Opposition agitation a litmus test for UDF

Updated on
2 min read

With the indefinite strike by Leftist service organisations gaining momentum four days after it began and the CPM launching the second phase of its agitation across the state demanding land for the landless, the Oommen Chandy Government is facing a real litmus test as never before when it has crossed one-and-a-half years in office.

As the feeder organisations of the Left fold such as the SFI has also begun to add steam to the stir with support gear in the streets, the way the government is going to deal with the situation, especially when violent incidents are on the rise, is keenly watched.

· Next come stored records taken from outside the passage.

Definition bform M x y := (x *m M *m y^T) 0 0.

Lemma qform1E x : qform 1 x = \sum_j x 0 j ^+ 2.
Proof. by rewrite /qform mulmx1 mxE; apply: eq_bigr => j _; rewrite mxE expr2. Qed.

Lemma qform0v M : qform M 0 = 0.
Proof. by rewrite /qform !mul0mx mxE. Qed.

Lemma qform1_ge0 x : 0 <= qform 1 x.
Proof. by rewrite qform1E sumr_ge0 // => j _; rewrite sqr_ge0. Qed.

Lemma qform1_eq0 x : (qform 1 x == 0) = (x == 0).
Proof.
apply/idP/eqP => [|->]; last by rewrite qform0v.
rewrite qform1E psumr_eq0 => [/allP x0|j _]; last exact: sqr_ge0.
apply/rowP => j; rewrite mxE.
by have := x0 j (mem_index_enum j); rewrite /= sqrf_eq0 => /eqP.
Qed.

Lemma qform1_gt0 x : x != 0 -> 0 < qform 1 x.
Proof. by rewrite lt_def qform1_ge0 qform1_eq0 andbT. Qed.

Lemma qformD M N x : qform (M + N) x = qform M x + qform N x.
Proof. by rewrite /qform mulmxDr mulmxDl mxE. Qed.

Lemma qformZ a M x : qform (a *: M) x = a * qform M x.
Proof. by rewrite /qform -scalemxAr -scalemxAl mxE. Qed.

Lemma qformN M x : qform (- M) x = - qform M x.
Proof. by rewrite -scaleN1r qformZ mulN1r. Qed.

Lemma qformB M N x : qform (M - N) x = qform M x - qform N x.
Proof. by rewrite qformD qformN. Qed.

Lemma qform_scalar a x : qform a%:M x = a * qform 1 x.
Proof. by rewrite -scalemx1 qformZ. Qed.

Lemma qform_sum n (F : 'I_n -> 'M[R]_d) x :
  qform (\sum_(i < n) F i) x = \sum_(i < n) qform (F i) x.
Proof.
apply: (big_rec2 (fun A b => qform A x = b)); first by rewrite /qform mulmx0 mul0mx mxE.
by move=> i A b _ <-; rewrite qformD.
Qed.

Lemma qformZv M a x : qform M (a *: x) = a ^+ 2 * qform M x.
Proof. by rewrite /qform linearZ /= -!scalemxAl -scalemxAr scalerA mxE expr2. Qed.

Lemma qformNv M x : qform M (- x) = qform M x.
Proof. by rewrite -scaleN1r qformZv sqrrN expr1n mul1r. Qed.

Lemma bformZl M a x y : bform M (a *: x) y = a * bform M x y.
Proof. by rewrite /bform -!scalemxAl mxE. Qed.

Though 2013 has opened the floodgates of agitations, they have not deterred Chief Minister Oommen Chandy or his Cabinet colleagues, as there is a general assessment in the ruling fold that the agitations would not hold ground for long for want of public support. While the agitating organisations of employees are crying foul against the government with the regard to the proposed Participatory Pension Scheme, the government has countered it with the plank that only those joining government service from the next fiscal will be brought under it and the salaries or pension of existing employees will be left untouched.

The government has also driven home the point that more than 60 per cent of the state’s annual revenue is being catered as salaries and pension to the government staff, constituting a mere 3 per cent of the state’s population, and is bound to burgeon in the years to come.

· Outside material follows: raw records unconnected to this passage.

Lemma Ncover_le_card (K : finType) (code : Y -> K -> Prop) (V : seq (set Y)) :
  (forall y, exists k, code y k) ->
  (forall k y, code y k ->
     exists2 t, (t < size V)%N & code^~ k `<=` nth set0 V t) ->
  (Ncover V <= #|K|)%N.
Proof.
move=> code_total code_sub.
have /choice[f hf] : forall k, exists t, forall y, code y k ->
    (t < size V)%N /\ code^~ k `<=` nth set0 V t.
  move=> k; have [[y /code_sub [t ht sub]]|none] := pselect (exists y, code y k).
    by exists t.
  by exists 0%N => y yk; exfalso; apply: none; exists y.
pose I := [seq f k | k <- enum K & `[< exists y, code y k >]].
rewrite /Ncover; case: ex_minnP => m _ /(_ (size I)) m_min.
apply: leq_trans (m_min _) _; last first.
  by rewrite size_map size_filter cardE count_size.
apply/asboolP; exists I; split => //.
  by move=> i /mapP[k]; rewrite mem_filter => /andP[/asboolP[y /hf[fk _]] _] ->.
move=> y _; have [k yk] := code_total y.
exists (f k); last exact: (hf k y yk).2.
by apply: map_f; rewrite mem_filter mem_enum andbT; apply/asboolP; exists y.
Qed.

End Covers.

Lemma join_pullbacks_sub (G : groupType) (Y : topologicalType)
    (T : G -> Y -> Y) (s : nat -> G) (U : seq (set Y)) (n : nat) (W : set Y) :
  (forall i, (0 < i <= n)%N ->
     exists2 j, (j < size U)%N & W `<=` T (s i) @^-1` nth set0 U j) ->
  exists2 t, (t < size (join_pullbacks T s U n))%N &
    W `<=` nth set0 (join_pullbacks T s U n) t.
Proof.
move=> hW; rewrite /join_pullbacks.
have : {in iota 1 n, forall i,
    exists2 j, (j < size U)%N & W `<=` T (s i) @^-1` nth set0 U j}.
  by move=> i; rewrite mem_iota add1n ltnS => /hW.
elim: (iota 1 n) => [|i l IH] hl /=; first by exists 0%N.
have [t ht Wt] := IH (fun k kl => hl k (@mem_behead _ (i :: l) _ kl)).
have [j hj Wj] := hl i (mem_head _ _).
have hj' : (j < size [seq T (s i) @^-1` A | A <- U])%N by rewrite size_map.
have [t' ht' e] := nth_join2 hj' ht.
exists t' => // y Wy; rewrite e (nth_map set0) //.
by split; [exact: Wj|exact: Wt].
Qed.

Lemma limn_esup_ln_poly (R : realType) (a : nat -> nat) (A d : nat) :
  (forall n, (a n <= A * n.+1 ^ d)%N) ->
  limn_esup (fun n => ((ln (a n)%:R / n%:R)%R)%:E : \bar R) = 0%E.
Proof.
move=> aA; apply: (cvg_limn_einf_sup _).2.
apply: cvg_EFin; first exact: nearW.
apply/cvgrPdist_le => e e0 /=.
(* Beyond [c], A (2 n)^d <= (e n)^(d+1) / (d+1)! <= exp (e n). *)
pose c : R := ((A * 2 ^ d * d.+1`!)%:R / e ^+ d.+1)%R.
near=> n.
have n0 : (0 < n)%N by near: n; exact: nbhs_infty_gt.
have cn : (c <= n%:R)%R by near: n; exact: nbhs_infty_ger.
rewrite sub0r normrN.
have [->|an0] := eqVneq (a n) 0%N; first by rewrite ln0 // mul0r normr0 ltW.
have an_pos : (0 < (a n)%:R :> R)%R by rewrite ltr0n lt0n.
rewrite ger0_norm ?divr_ge0 ?ln_ge0 ?ler1n ?lt0n //.
rewrite ler_pdivrMr ?ltr0n //.
rewrite -[leRHS]expRK ler_ln ?posrE ?expR_gt0 //.
have a_le : ((a n)%:R <= (A * 2 ^ d)%:R * n%:R ^+ d :> R)%R.
  rewrite -natrX -natrM ler_nat -mulnA -expnMn.
  have pow_le k : (n.+1 ^ k <= (2 * n) ^ k)%N.
    by elim: k => // k IH; rewrite !expnS leq_mul //; lia.
  by apply: leq_trans (aA n) _; rewrite leq_mul2l pow_le orbT.
apply: (le_trans a_le).
apply: le_trans (expR_ge1Dxn d (mulr_ge0 (ltW e0) (ler0n R n))).
apply: ler_wpDl => //.
have en_large : ((A * 2 ^ d)%:R * (d.+1)`!%:R <= e ^+ d.+1 * n%:R :> R)%R.
  by rewrite -natrM mulrC -ler_pdivrMr ?exprn_gt0.
rewrite ler_pdivlMr ?ltr0n ?fact_gt0 //.
have -> : ((e * n%:R) ^+ d.+1 = (e ^+ d.+1 * n%:R) * n%:R ^+ d :> R)%R.
  by rewrite exprMn (exprSr (n%:R)) mulrA mulrAC.
by rewrite mulrAC ler_wpM2r ?exprn_ge0.
Unshelve. all: by end_near.
Qed.

Lemma cubic_count_le c h n k : (k <= h * n)%N ->
  (c * (k.+1 * 2 + (k.+1 * k.+1 * k.+1).+1) <= c * 4 * h.+1 ^ 3 * n.+1 ^ 3)%N.
Proof.
move=> kn; have k_le : (k.+1 <= h.+1 * n.+1)%N by nia.
have k3_le : (k.+1 * k.+1 * k.+1 <= (h.+1 * n.+1) ^ 3)%N.
  by rewrite !expnS expn0 muln1 mulnA !leq_mul.
have k_le3 : (k.+1 <= k.+1 * k.+1 * k.+1)%N by rewrite -mulnA leq_pmulr.
have -> : (c * 4 * h.+1 ^ 3 * n.+1 ^ 3 = c * (4 * (h.+1 * n.+1) ^ 3))%N.
  by rewrite expnMn !mulnA.
by rewrite leq_mul2l; apply/orP; right; lia.
Qed.

Definition locally_constant (Y : topologicalType) (Z : Type) (f : Y -> Z) :=
  forall y, \forall y' \near y, f y' = f y.

Lemma locally_constant_closed (Y : topologicalType) (Z : Type) (f : Y -> Z) z :
  locally_constant f -> closed [set y | f y = z].
Proof.
move=> fc; rewrite -[X in closed X]setCK; apply: open_closedC.
rewrite openE => y /= fyz; rewrite /interior.
by apply: filterS (fc y) => y' /= ->.
Qed.

Lemma compact_cluster_seq (Y : topologicalType) (u : nat -> Y) :
  compact [set: Y] ->
  exists w, forall P : set Y, closed P -> (\forall K \near \oo, P (u K)) -> P w.
Proof.
move=> cY; have [w [_ w_cl]] := cY (u @ \oo) (fmap_proper_filter _ _) filterT.
exists w => P cP uP; rewrite (closure_id P).1 // => B wB.
by have [y [Py By]] := w_cl P B uP wB; exists y.
Qed.

(* [compact_cover] is only available for pointed spaces. *)
Definition pointed_at (Y : topologicalType) (y0 : Y) : Type := Y.
HB.instance Definition _ (Y : topologicalType) (y0 : Y) :=
  Topological.copy (@pointed_at Y y0) Y.
HB.instance Definition _ (Y : topologicalType) (y0 : Y) :=
  isPointed.Build (@pointed_at Y y0) y0.

Lemma compact_cover_compact (Y : topologicalType) (A : set Y) :
  compact A -> cover_compact A.
Proof.
move=> cA I D f fo Af.
have [[y _]|/forallNP Y0] := pselect (exists y : Y, True).
  have : @compact (@pointed_at Y y) A by [].
  by rewrite compact_cover; apply.
by exists fset0 => // y; have := Y0 y.
Qed.

Section LocallyConstantFamily.
Variables (Y : topologicalType) (I : choiceType) (Z : Type) (phi : I -> Y -> Z).
Hypothesis phi_lc : forall i, locally_constant (phi i).

Definition atom (D : seq I) (y : Y) : set Y :=
  [set y' | forall i, i \in D -> phi i y' = phi i y].

Lemma atom_nbhs D y : nbhs y (atom D y).
Proof.
elim: D => [|i D IH]; first by apply: nearW => y' i; rewrite in_nil.
apply: filterS (filterI (phi_lc i y) IH) => y' [eqi eqD] j.
by rewrite in_cons => /orP[/eqP ->|/eqD].
Qed.

Lemma open_atom D y : open (atom D y).
Proof.
rewrite openE => y' y'y; rewrite /interior.
by apply: filterS (atom_nbhs D y') => w wy' i iD; rewrite wy' // y'y.
Qed.

Hypothesis phi_sep : forall y y', y <> y' -> exists i, phi i y <> phi i y'.
Hypothesis Ycompact : compact [set: Y].

Lemma atom_sub_open (A : set Y) y : open A -> A y -> exists D, atom D y `<=` A.
Proof.
move=> oA Ay.
have cAc : cover_compact (~` A).
  apply/compact_cover_compact/(subclosed_compact _ Ycompact) => //.
  exact: open_closedC.
have Ac_cov : ~` A `<=` cover [set: I] (fun i => ~` [set w | phi i w = phi i y]).
  move=> w nAw; have [|i ni] := @phi_sep y w.
    by move=> e; apply: nAw; rewrite -e.
  by exists i => // e; apply: ni.
have [D _ Dcov] := cAc I [set: I] (fun i => ~` [set w | phi i w = phi i y])
  (fun i _ => closed_openC (locally_constant_closed (phi_lc i))) Ac_cov.
exists D => w wy; apply: contrapT => /Dcov[i Di]; apply; exact: wy.
Qed.

Lemma atoms_refine_cover (U : seq (set Y)) :
  (forall j, (j < size U)%N -> open (nth set0 U j)) -> is_cover U ->
  exists D, forall y, exists2 j, (j < size U)%N & atom D y `<=` nth set0 U j.
Proof.
move=> oU cU.
have /choice[f hf] : forall y, exists p : nat * seq I,
    (p.1 < size U)%N /\ atom p.2 y `<=` nth set0 U p.1.
  move=> y; have [j jU Uy] := cU y.
  by have [D hD] := atom_sub_open (oU j jU) Uy; exists (j, D).
have Ycov : [set: Y] `<=` cover [set: Y] (fun y => atom (f y).2 y).
  by move=> w _; exists w.
have [ys _ ys_cov] := compact_cover_compact Ycompact
  (fun y _ => open_atom (f y).2 y) Ycov.
exists (flatten [seq (f y).2 | y <- ys]) => w.
have [y0 y0ys wy0] := ys_cov w Logic.I.
exists (f y0).1; first exact: (hf y0).1.
move=> w' w'w; apply: (hf y0).2 => i iD; rewrite -(wy0 i iD); apply: w'w.
by apply/flattenP; exists (f y0).2 => //; apply/mapP; exists y0.
Qed.

End LocallyConstantFamily.

Lemma count_sub_eq (T : eqType) (p q : pred T) (s : seq T) :
  {in s, subpred p q} -> count p s = count q s -> {in s, p =1 q}.
Proof.
move=> pq; rewrite -!size_filter => eq_size x xs.
have sub : subseq [seq y <- s | p y] [seq y <- s | q y].
  rewrite subseq_filter filter_subseq andbT; apply/allP => y.
  by rewrite mem_filter => /andP[/pq py /py].
have fe : [seq y <- s | p y] = [seq y <- s | q y].
  by apply/eqP; rewrite -(size_subseq_leqif sub).2 eq_size.
by rewrite -[p x]andbT -xs -mem_filter fe mem_filter xs andbT.
Qed.

Lemma inord_inj n i j : (i <= n)%N -> (j <= n)%N ->
  inord i = inord j :> 'I_n.+1 -> i = j.
Proof. by move=> i_n j_n /(congr1 val); rewrite /= !inordK. Qed.

Section Cosets.
Variable G : groupType.
Local Open Scope group_scope.

Lemma lcoset1 (H : set G) : lcoset 1 H = H.
Proof.
rewrite eqEsubset; split=> x; first by case=> h hh <-; rewrite mul1g.
by move=> hx; exists x => //; rewrite mul1g.
Qed.

Lemma lcosetM (H : set G) g a : lcoset g (lcoset a H) = lcoset (g * a) H.
Proof.
rewrite eqEsubset; split=> x.
  by case=> _ [h hh <-] <-; exists h => //; rewrite mulgA.
by case=> h hh <-; exists (a * h); [exists h|rewrite mulgA].
Qed.

Lemma Xact1 (x : nat -> set G) : Xact 1 x = x.
Proof. by apply: funext => k; rewrite /Xact lcoset1. Qed.

Lemma XactM g h (x : nat -> set G) : Xact g (Xact h x) = Xact (g * h) x.
Proof. by apply: funext => k; rewrite /Xact lcosetM. Qed.

End Cosets.

Section SubgroupChain.
Variable G : groupType.
Local Open Scope group_scope.
Variable Gam : nat -> set G.
Hypothesis Gam_normal : forall k, is_normal_subgroup (Gam k).
Hypothesis Gam_decr : forall k, Gam k.+1 `<=` Gam k.

Lemma Gam1 k : Gam k 1.
Proof. by case: (Gam_normal k) => [[]]. Qed.

Lemma GamV k x : Gam k x -> Gam k x^-1.
Proof. by move=> h; have := (Gam_normal k).1.2 _ _ (Gam1 k) h; rewrite mul1g. Qed.

Lemma GamM k x y : Gam k x -> Gam k y -> Gam k (x * y).
Proof.
by move=> hx /GamV hy; have := (Gam_normal k).1.2 _ _ hx hy; rewrite invgK.
Qed.

Lemma GamJ k g h : Gam k h -> Gam k (g^-1 * h * g).
Proof. exact: (Gam_normal k).2. Qed.

Lemma Gam_sub j k : (j <= k)%N -> Gam k `<=` Gam j.
Proof.
move=> /subnK <-; elim: (k - j)%N => [|i IH] x; first by [].
by rewrite addSn => /Gam_decr /IH.
Qed.

Lemma Gam_sym k a b : Gam k (a^-1 * b) -> Gam k (b^-1 * a).
Proof. by move/GamV; rewrite invgM invgK. Qed.

Lemma Gam_trans k a b c :
  Gam k (a^-1 * b) -> Gam k (b^-1 * c) -> Gam k (a^-1 * c).
Proof. by move=> ab bc; have := GamM ab bc; rewrite -mulgA mulVKg. Qed.

Lemma lcosetP k g x : lcoset g (Gam k) x <-> Gam k (g^-1 * x).
Proof.
split; first by case=> h hh <-; rewrite mulKg.
by move=> h; exists (g^-1 * x) => //; rewrite mulVKg.
Qed.

Lemma lcoset_eqP k a b :
  lcoset a (Gam k) = lcoset b (Gam k) <-> Gam k (a^-1 * b).
Proof.
split=> [e|ab].
  by apply/lcosetP; rewrite e; apply/lcosetP; rewrite mulVg; exact: Gam1.
by rewrite eqEsubset; split=> x /lcosetP hx; apply/lcosetP;
  [apply: Gam_trans (Gam_sym ab) hx|apply: Gam_trans ab hx].
Qed.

The CPM agitation for land to the landless, which was geared up on Friday by putting up huts after encroaching excess land at 150 centres in the state, has also been given a go by with the police being given strict instructions to avoid any showdown with the activists. Though private and KSRTC bus stirs also coincided with the other stirs, the government was relieved after those stirs were called off shortly. The land for the landless agitation has been launched at a time when the Revenue Department was in the threshold of implementing the Zero Landless project.

“In fact, the government is not taking the stirs seriously as they are bound to fizzle out after a few days. The LDF and the CPM, of late, have proved that they cannot take an agitation beyond a limit, as they are keen only on political campaign,’’ Home Minister Thiruvanchoor Radhakrishnan told ‘Express.’

“CPM supporters have no objection in Karnataka, Tamilnadu or Maharashtra to be part of the new pension scheme. In the case of the land stir, the CPM has identified excess land in various parts of the state, which are embroild in legal cases and which cannot be apportioned by any government unless the courts take a final decision,’’ he said.